While they may be similar to their peer group worldwide, Millennials are different from the three generations that preceded them in at least one significant way. In the Pew Research Center report “Millennial: A Portrait of Generation Next,” more than 60 percent of Millennials describe their generation as having a “unique and distinctive identity,” a percentage similar to how other generations — Baby Boomers, Gen X and the Silent Generation — described themselves.

However, when asked to describe what makes their generation unique, previous generations all listed “work ethic” among their top five responses.

Millennials did not. They believe that their “use and understanding of technology, their music and pop culture, their liberal and tolerant beliefs, their greater intelligence, and their clothes” are what gives them a “unique and distinctive identity.”

By their own admission, “work ethic” isn’t a defining characteristic of the Millennial generation.

Many employers agree.

Is it that Millennials don’t have a work ethic, or is there simply a difference among the generations in how “work ethic” is defined?

For my father, “work ethic” meant working hard and for him that was demanding physical labor. For Baby Boomers, “work ethic” means working long hours to get the job done. Most Baby Boomers aren’t engaged in physically demanding work as much as we are in mentally demanding work.

For Gen X, “work ethic” means working smarter, not necessarily harder or longer.

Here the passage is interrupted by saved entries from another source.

(* Let $\mathcal{A}$ be a weighted pushdown system. There exists an infinite path $\pi$ from the initial configuration with $\mathrm{LimInfAvg}(\pi)\geq 0$ if and only if for every $\epsilon>0$ there exists an infinite path $\pi_\epsilon$ from the initial configuration with $\mathrm{LimInfAvg}(\pi_\epsilon)>-\epsilon$.
   Context: A weighted pushdown system (WPS) is $\mathcal{A}=\langle Q,\Gamma,q_0,E,w\rangle$ with finite states $Q$, finite stack alphabet $\Gamma\ni\bot$ ($\bot$ never pushed or popped), edges $E\subseteq(Q\times\Gamma)\times(Q\times\mathrm{Com}(\Gamma))$ with $\mathrm{Com}(\Gamma)=\{\mathit{skip},\mathit{pop}\}\cup\{\mathit{push}(z)\}$, weights $w:E\to\mathbb{Z}$; initial configuration $(\bot,q_0)$; successor of $(\alpha,q)$ via edge $(q,\mathrm{Top}(\alpha),q',\mathit{com})$ is $(\mathit{com}(\alpha),q')$. For an infinite path $\pi$, $\mathrm{LimInfAvg}(\pi)=\liminf_i w(\pi[0,i])/i$ where $w(\pi[0,i])$ is the total weight of the first $i$ edges. *)

From Stdlib Require Import Reals ZArith List FinFun.
Import ListNotations.
Open Scope R_scope.

Inductive com (G : Type) : Type :=
  | Skip : com G
  | Pop : com G
  | Push : G -> com G.
Arguments Skip {G}.
Arguments Pop {G}.
Arguments Push {G} _.

Definition edge (Q G : Type) : Type := ((Q * G) * (Q * com G))%type.
Definition e_src {Q G} (e : edge Q G) : Q := fst (fst e).
Definition e_top {Q G} (e : edge Q G) : G := snd (fst e).
Definition e_dst {Q G} (e : edge Q G) : Q := fst (snd e).
Definition e_com {Q G} (e : edge Q G) : com G := snd (snd e).

(* Configurations (alpha, q): stack as a list with its top at the head. *)
Definition config (Q G : Type) : Type := (list G * Q)%type.

(* Top of the stack (the default bot is never used on reachable stacks). *)
Definition Top {G} (bot : G) (alpha : list G) : G :=
  match alpha with z :: _ => z | [] => bot end.
Lemma lenT_set_le (l : seq E) : lenT len [set e in l] <= \sum_(e <- l) len e.
Proof.
elim: l => [|x l IH]; first by rewrite /lenT big_nil big_pred0 // => e; rewrite inE.
have -> : [set e in x :: l] = x |: [set e in l] by apply/setP => e; rewrite !inE.
rewrite /lenT big_cons; case: (boolP (x \in [set e in l])) => [xl | xNl].
  by rewrite (setUidPr _) ?sub1set // (leq_trans IH) ?leq_addl.
by rewrite big_setU1 //= leq_add2l.
Qed.

End RootedTrees.

Section PrefixTrees.
Variables (V E : finType) (ends : E -> V * V) (len : E -> nat) (r : V) (s : seq E).
Hypothesis s_feasible : feasible ends r s.

Definition prefix_len (j : nat) : nat := \sum_(e <- take j s) len e.
Definition discovered (j : nat) : {set V} := rverts ends r (prefix_set s j).
Definition reached (j : nat) : nat := #|discovered j|.

Lemma prefix_set0 : prefix_set s 0 = set0.
Proof. by apply/setP => e; rewrite !inE take0. Qed.

Lemma prefix_len_mono : {homo prefix_len : j j' / j <= j'}.
Proof. by move=> j j' jj'; rewrite /prefix_len -(subnKC jj') takeD big_cat leq_addr. Qed.

Lemma card_prefix_set_succ j : #|prefix_set s j.+1| <= #|prefix_set s j| + 1.
Proof.
rewrite /prefix_set -addn1 takeD; case: (drop j s) => [|x l] /=; first by rewrite cats0 leq_addr.
have -> : [set e in take j s ++ [:: x & take 0 l]] = x |: [set e in take j s].
  by apply/setP => e; rewrite take0 !inE mem_cat inE orbC.
by rewrite cardsU1 addnC leq_add2l leq_b1.
Qed.

Lemma rooted_tree_prefix j : j <= size s -> rooted_tree ends r (prefix_set s j).
Proof.
case: j => [_ | j js]; first by rewrite prefix_set0; apply: rooted_tree_set0.
by case: s_feasible => -[_ tree] _; apply: tree.
Qed.

Lemma reachedE j : j <= size s -> reached j = #|prefix_set s j| + 1.
Proof. by move=> /rooted_tree_prefix[]. Qed.

Lemma reached0 : reached 0 = 1.
Proof. by rewrite reachedE // prefix_set0 cards0. Qed.

Lemma reached_succ j : j < size s -> reached j.+1 <= reached j + 1.
Proof. by move=> js; rewrite !reachedE ?(ltnW js) // leq_add2r card_prefix_set_succ. Qed.

Lemma mem_discovered j v : j <= size s ->
  (v \in discovered j) = (v == r) || (find (inc ends ^~ v) s < j).
Proof.
move=> js; rewrite !inE -has_take_leq //; congr (_ || _).
apply/existsP/hasP => -[e]; first by rewrite inE => /andP[el ev]; exists e.
by move=> el ev; exists e; rewrite inE el.
Qed.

For many Millennials, “work ethic” means getting the job done as easily and fast as possible so they can get on with enjoying life. It’s about “working to live” not “living to work.”

Millennials simply don’t view “work” in the same way as their Baby Boomer managers, and there’s the rub. To understand that they define “work ethic” differently than the three generations before them is to understand the disconnect they have with the traditional work environment.

This generation has grown up with the constant threat of terrorism and knowing only a country at war. Are they that much different from Baby Boomers who grew up with the Doomsday Clock during the cold war? Is the Millennials’ reaction so much different from the peace movement of the 1960s and 1970s, than the Summer of Love?

Baby Boomers grew into their responsibilities and perhaps Millennials will, too. I wonder if they will change their definition of work ethic when they rise to positions having responsibility for the bottom line.

I also wonder what will define their greatness.

Paul Grasso is the president and CEO of The Development Corporation Clinton County.